TASK ITEM:
Your task is to copy the lines of the data below from the line holding "if m is m'.+1" through the line holding "Definition Hgrp (F", inclusive, exactly and with nothing added.

RECORDS PROVIDED:
(* Let $\psi$ be an additive character of $\mathbb{F}_{q^2}$ of conductor $q^2$. If $\nu$ is any character of $H'$ whose restriction to $H_0'$ equals $\widetilde\psi$, then the representation $\mathrm{Ind}_{H'}^{\mathcal U}(\nu)$ is irreducible.
   Context: Let $p$ be a prime, $q$ a power of $p$, $\ell\ne p$, and $h\ge2$ an integer; representations are over $\overline{\mathbb{Q}}_\ell$. For a commutative $\mathbb{F}_q$-algebra $A$, $U_h^{2,q}(A)$ is the set of formal expressions $1+\sum_{i=1}^{2(h-1)}a_i\tau^i$ ($a_i\in A$) with multiplication obtained by extending $(a\tau^i)(b\tau^j)=ab^{q^i}\tau^{i+j}$ bi-additively, $\tau^0=1$, $\tau^k=0$ for $k>2(h-1)$. In $\mathcal U=U_h^{2,q}(\mathbb{F}_{q^2})$ define $H_0'=\{1+\sum a_i\tau^i: a_i=0\text{ unless } i=2(h-1)\text{ or } i\text{ is odd with } i>h-1\}$; if $h$ is odd, $H'=\{1+\sum a_i\tau^i: a_i=0\text{ for all odd } i\le h-1\}$; if $h$ is even, $H'=\{1+\sum a_i\tau^i: a_i=0\text{ for odd } i<h-1,\ a_{h-1}\in\mathbb{F}_q\}$. An additive character $\psi\colon\mathbb{F}_{q^2}\to\overline{\mathbb{Q}}_\ell^\times$ has conductor $q^2$ if there exists $x$ with $\psi(x^q)\ne\psi(x)$; $\widetilde\psi$ is the character $1+\sum a_i\tau^i\mapsto\psi(a_{2(h-1)})$ of $H_0'$. *)

From HB Require Import structures.
From mathcomp Require Import all_boot all_order all_algebra all_fingroup all_solvable all_field all_character.
Set Implicit Arguments. Unset Strict Implicit. Unset Printing Implicit Defensive.
Import GRing.Theory Num.Theory.
Local Open Scope ring_scope.

(* The group U_h^{2,q}(F) for F = F_{q^2}, N = 2(h-1).
   A formal element x = 1 + sum_{i=1}^N a_i tau^i is encoded by its
   coefficient vector a : {ffun 'I_N -> F}, with a i = a_{i+1}.
   It is realized faithfully as the permutation of the finite set
   F^{N+1} = {ffun 'I_N.+1 -> F} (truncated twisted polynomials
   v = sum_{k=0}^N v_k tau^k) given by right multiplication v |-> v * x.
   Since mathcomp's permutation product is (s * t) v = t (s v), right
   multiplication makes x |-> (v |-> v*x) a group homomorphism
   (not an anti-homomorphism).  The map is injective (apply to v = 1). *)

Section Unipotent.
Variables (F : finFieldType) (q N : nat).

Definition tcoef (a : {ffun 'I_N -> F}) (m : nat) : F :=
  if m is m'.+1 then (if (insub m' : option 'I_N) is Some i then a i else 0)
  else 1.

Definition rmulU (a : {ffun 'I_N -> F}) (v : {ffun 'I_N.+1 -> F})
  : {ffun 'I_N.+1 -> F} :=
  [ffun j : 'I_N.+1 => \sum_(k < j.+1) v (inord k) * (tcoef a (j - k)) ^+ (q ^ k)].

Definition Uset : {set {perm {ffun 'I_N.+1 -> F}}} :=
  [set g : {perm {ffun 'I_N.+1 -> F}} | [exists a : {ffun 'I_N -> F}, [forall v, g v == rmulU a v]]].

Definition one_vec : {ffun 'I_N.+1 -> F} :=
  [ffun k : 'I_N.+1 => if k == ord0 then 1 else 0].

(* coefficient a_j of tau^j (for 1 <= j <= N) of the element encoded by g *)
Definition coefU (g : {perm {ffun 'I_N.+1 -> F}}) (j : nat) : F :=
  g one_vec (inord j).

End Unipotent.

Definition Nh (h : nat) : nat := (h.-1).*2.

(* the group U = U_h^{2,q}(F_{q^2}) (Uset is already a group; <<_>> only
   provides the group structure) *)
Definition Ugrp (F : finFieldType) (q h : nat) :=
  <<Uset F q (Nh h)>>%G.

Definition H0set (F : finFieldType) (q h : nat) :=
  [set g in Uset F q (Nh h) | [forall j : 'I_(Nh h).+1,
     ((0 < j)%N && ((j : nat) != Nh h) && ~~ (odd j && (h.-1 < j)%N))
       ==> (coefU g j == 0)]].
Definition H0grp (F : finFieldType) (q h : nat) := <<H0set F q h>>%G.

Definition Hset (F : finFieldType) (q h : nat) :=
  [set g in Uset F q (Nh h) |
    if odd h then
      [forall j : 'I_(Nh h).+1, (odd j && (j <= h.-1)%N) ==> (coefU g j == 0)]
    else
      [forall j : 'I_(Nh h).+1, (odd j && (j < h.-1)%N) ==> (coefU g j == 0)]
      && (coefU g h.-1 ^+ q == coefU g h.-1)].
Definition Hgrp (F : finFieldType) (q h : nat) := <<Hset F q h>>%G.

From HB Require Import structures.
From mathcomp Require Import all_boot all_order all_algebra all_fingroup all_solvable all_field all_character.
From mathcomp Require Import zify ring.
Set Implicit Arguments. Unset Strict Implicit. Unset Printing Implicit Defensive.
Import GRing.Theory Num.Theory.
Local Open Scope ring_scope.

(* Ind nu is irreducible as soon as every y outside H' conjugates some a in
   H' into H' with nu (a ^ y) <> nu a.  Let g = y^-1 and let i be the first
   index at which the coefficients of g violate the conditions defining H'; then
   i is odd, i <= h-1 and a_i <> 0.  The truncation of g below i lies in H', and
   the remaining factor g' = 1 + a_i tau^i + ... satisfies g' A = A Z g' for
   A = 1 + c tau^(N-i) and the central Z = 1 + (a_i c^q - c a_i^q) tau^N, with
   N = 2(h-1).  Since x^(q^2) = x on F_(q^2), c can be chosen with A in H' and
   a_i c^q - c a_i^q = w^q - w, where psi (w^q) <> psi w by the conductor
   assumption; hence nu (A ^ y) = nu A * psi (w^q - w) <> nu A. *)

Section TwistedProduct.
Variables (F : finFieldType) (q N : nat).
Hypothesis frobD : forall x y : F, (x + y) ^+ q = x ^+ q + y ^+ q.

Local Notation V := {ffun 'I_N.+1 -> F}.
Local Notation one := (one_vec F N).

Lemma frob0 : (0 : F) ^+ q = 0.
Proof. by apply: (addrI (0 ^+ q)); rewrite -frobD !addr0. Qed.

Lemma frobXD m (x y : F) : (x + y) ^+ (q ^ m) = x ^+ (q ^ m) + y ^+ (q ^ m).
Proof. by elim: m => [|m IH]; rewrite ?expr1 // expnSr !exprM IH frobD. Qed.

Lemma frobX0 m : (0 : F) ^+ (q ^ m) = 0.
Proof. by elim: m => [|m IH]; rewrite ?expr1 // expnSr exprM IH frob0. Qed.

Lemma frobX_sum m (I : Type) (r : seq I) (P : pred I) (G : I -> F) :
  (\sum_(i <- r | P i) G i) ^+ (q ^ m) = \sum_(i <- r | P i) G i ^+ (q ^ m).
Proof. by apply: (big_morph (fun x : F => x ^+ (q ^ m))); [exact: frobXD|exact: frobX0]. Qed.

Definition tmul (u w : V) : V :=
  [ffun j : 'I_N.+1 => \sum_(k < j.+1) u (inord k) * w (inord (j - k)) ^+ (q ^ k)].

(* Out of range, [inord] makes [cf u m] the constant coefficient. *)
Definition cf (u : V) (m : nat) : F := u (inord m).

Lemma cfE (u : V) (m : 'I_N.+1) : cf u m = u m.
Proof. by rewrite /cf inord_val. Qed.

Lemma cf_ext (u w : V) : (forall j, (j <= N)%N -> cf u j = cf w j) -> u = w.
Proof. by move=> E; apply/ffunP => j; rewrite -!cfE E // -ltnS. Qed.

Lemma tmulE (u w : V) j : (j <= N)%N ->
  cf (tmul u w) j = \sum_(0 <= k < j.+1) cf u k * cf w (j - k) ^+ (q ^ k).
Proof. by move=> jN; rewrite /cf ffunE inordK // big_mkord. Qed.

Lemma cf_tmul0 (u w : V) : cf (tmul u w) 0 = cf u 0 * cf w 0.
Proof. by rewrite tmulE // big_nat1 subn0 expr1. Qed.

Lemma cf_one k : (k <= N)%N -> cf one k = if k == 0%N then 1 else 0.
Proof. by move=> kN; rewrite /cf ffunE -val_eqE /= inordK. Qed.

Lemma sum_nat_only (n k0 : nat) (G : nat -> F) :
  (forall k, (k < n)%N -> k != k0 -> G k = 0) ->
  \sum_(0 <= k < n) G k = if (k0 < n)%N then G k0 else 0.
Proof.
move=> G0; case: ifP => lt.
  rewrite big_mkord (bigD1 (Ordinal lt)) //= big1 ?addr0 // => i ne.
  by apply: G0; rewrite // -val_eqE in ne.
rewrite big_nat_cond big1 // => k /andP[/andP[_ kn] _]; apply: G0 => //.
by apply: contraFneq lt => <-.
Qed.

Lemma sum_triangle_exchange (G : nat -> nat -> F) n :
  \sum_(0 <= k < n) \sum_(0 <= l < k.+1) G l k =
  \sum_(0 <= l < n) \sum_(0 <= m < n - l) G l (l + m)%N.
Proof.
elim: n => [|n IH]; first by rewrite !big_geq.
rewrite big_nat_recr //= IH [RHS]big_nat_recr //= subSnn big_nat1 addn0.
rewrite big_nat_recr //= addrA; congr (_ + _).
rewrite -big_split /=; apply: eq_big_nat => l /andP[_ ln].
by rewrite subSn ?(ltnW ln) // big_nat_recr //= subnKC // ltnW.
Qed.

Lemma tmul1l (w : V) : tmul one w = w.
Proof.
apply: cf_ext => j jN; rewrite tmulE // (@sum_nat_only _ 0) => [|k kj k0].
  by rewrite cf_one // eqxx mul1r expr1 subn0.
by rewrite cf_one ?(negPf k0) ?mul0r // -ltnS (leq_trans kj).
Qed.

Lemma tmul1r (v : V) : tmul v one = v.
Proof.
have cf_one_sub j k : (j <= N)%N -> cf one (j - k) = if (j - k == 0)%N then 1 else 0.
  by move=> jN; rewrite cf_one // (leq_trans (leq_subr _ _)).
apply: cf_ext => j jN; rewrite tmulE // (@sum_nat_only _ j) => [|k kj kj'].
  by rewrite ltnSn cf_one_sub // subnn eqxx expr1n mulr1.
by rewrite cf_one_sub // subn_eq0 leqNgt ltn_neqAle kj' -ltnS kj /= frobX0 mulr0.
Qed.

Lemma tmulA (u x y : V) : tmul (tmul u x) y = tmul u (tmul x y).
Proof.
apply: cf_ext => j jN; rewrite !tmulE //.
transitivity (\sum_(0 <= k < j.+1) \sum_(0 <= l < k.+1)
   (cf u l * cf x (k - l) ^+ (q ^ l) * cf y (j - k) ^+ (q ^ k))).
  apply: eq_big_nat => k /andP[_ kj]; rewrite tmulE ?mulr_suml //.
  by rewrite -ltnS (leq_trans kj).
rewrite sum_triangle_exchange; apply: eq_big_nat => l /andP[_ lj].
rewrite tmulE; last exact: leq_trans (leq_subr _ _) jN.
rewrite frobX_sum mulr_sumr subSn; last by rewrite -ltnS.
apply: eq_big_nat => m _.
by rewrite addKn subnDA exprMn -exprM -expnD addnC mulrA.
Qed.

Lemma tmulI (w : V) : cf w 0 = 1 -> injective (tmul^~ w).
Proof.
move=> w0 v1 v2 /= e; apply: cf_ext => j; elim/ltn_ind: j => j IH jN.
have := congr1 (cf^~ j) e.
rewrite /= !tmulE // !big_nat_recr //= subnn w0 expr1n !mulr1.
rewrite (@eq_big_nat _ _ _ _ _ _ (fun k => cf v2 k * cf w (j - k) ^+ (q ^ k))).
  exact: addrI.
by move=> k /andP[_ kj]; rewrite IH // (leq_trans (ltnW kj)).
Qed.

Definition vec_of_coef (a : {ffun 'I_N -> F}) : V := [ffun m : 'I_N.+1 => tcoef a m].

Lemma rmulUE a v : rmulU q a v = tmul v (vec_of_coef a).
Proof.
apply/ffunP => j; rewrite !ffunE; apply: eq_bigr => k _; rewrite ffunE inordK //.
by rewrite ltnS (leq_trans (leq_subr _ _)) // -ltnS.
Qed.

Lemma vec_of_coefK (w : V) : cf w 0 = 1 -> vec_of_coef [ffun i : 'I_N => cf w i.+1] = w.
Proof.
move=> w0; apply: cf_ext => [[|m]] mN; rewrite /cf ffunE inordK ?ltnS //= ?w0 //.
by case: insubP => [i _ iv|]; rewrite ?ffunE ?iv // mN.
Qed.

Lemma UsetP (g : {perm V}) :
  reflect (exists2 w, cf w 0 = 1 & forall v, g v = tmul v w) (g \in Uset F q N).
Proof.
rewrite inE; apply: (iffP existsP) => [[a /forallP gE]|[w w0 gE]].
  exists (vec_of_coef a) => [|v]; last by rewrite (eqP (gE v)) rmulUE.
  by rewrite /cf ffunE inordK.
by exists [ffun i : 'I_N => cf w i.+1]; apply/forallP => v; rewrite rmulUE vec_of_coefK ?gE.
Qed.

Definition cv (g : {perm V}) : V := g one.

Lemma coefU_cv (g : {perm V}) j : coefU g j = cf (cv g) j.
Proof. by []. Qed.

Lemma UsetE (g : {perm V}) : g \in Uset F q N -> forall v, g v = tmul v (cv g).
Proof. by case/UsetP=> w _ gE v; rewrite /cv !gE tmul1l. Qed.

RESPONSE AREA:
  if m is m'.+1 then (if (insub m' : option 'I_N) is Some i then a i else 0)
  else 1.

Definition rmulU (a : {ffun 'I_N -> F}) (v : {ffun 'I_N.+1 -> F})
  : {ffun 'I_N.+1 -> F} :=
  [ffun j : 'I_N.+1 => \sum_(k < j.+1) v (inord k) * (tcoef a (j - k)) ^+ (q ^ k)].

Definition Uset : {set {perm {ffun 'I_N.+1 -> F}}} :=
  [set g : {perm {ffun 'I_N.+1 -> F}} | [exists a : {ffun 'I_N -> F}, [forall v, g v == rmulU a v]]].

Definition one_vec : {ffun 'I_N.+1 -> F} :=
  [ffun k : 'I_N.+1 => if k == ord0 then 1 else 0].

(* coefficient a_j of tau^j (for 1 <= j <= N) of the element encoded by g *)
Definition coefU (g : {perm {ffun 'I_N.+1 -> F}}) (j : nat) : F :=
  g one_vec (inord j).

End Unipotent.

Definition Nh (h : nat) : nat := (h.-1).*2.

(* the group U = U_h^{2,q}(F_{q^2}) (Uset is already a group; <<_>> only
   provides the group structure) *)
Definition Ugrp (F : finFieldType) (q h : nat) :=
  <<Uset F q (Nh h)>>%G.

Definition H0set (F : finFieldType) (q h : nat) :=
  [set g in Uset F q (Nh h) | [forall j : 'I_(Nh h).+1,
     ((0 < j)%N && ((j : nat) != Nh h) && ~~ (odd j && (h.-1 < j)%N))
       ==> (coefU g j == 0)]].
Definition H0grp (F : finFieldType) (q h : nat) := <<H0set F q h>>%G.

Definition Hset (F : finFieldType) (q h : nat) :=
  [set g in Uset F q (Nh h) |
    if odd h then
      [forall j : 'I_(Nh h).+1, (odd j && (j <= h.-1)%N) ==> (coefU g j == 0)]
    else
      [forall j : 'I_(Nh h).+1, (odd j && (j < h.-1)%N) ==> (coefU g j == 0)]
      && (coefU g h.-1 ^+ q == coefU g h.-1)].
Definition Hgrp (F : finFieldType) (q h : nat) := <<Hset F q h>>%G.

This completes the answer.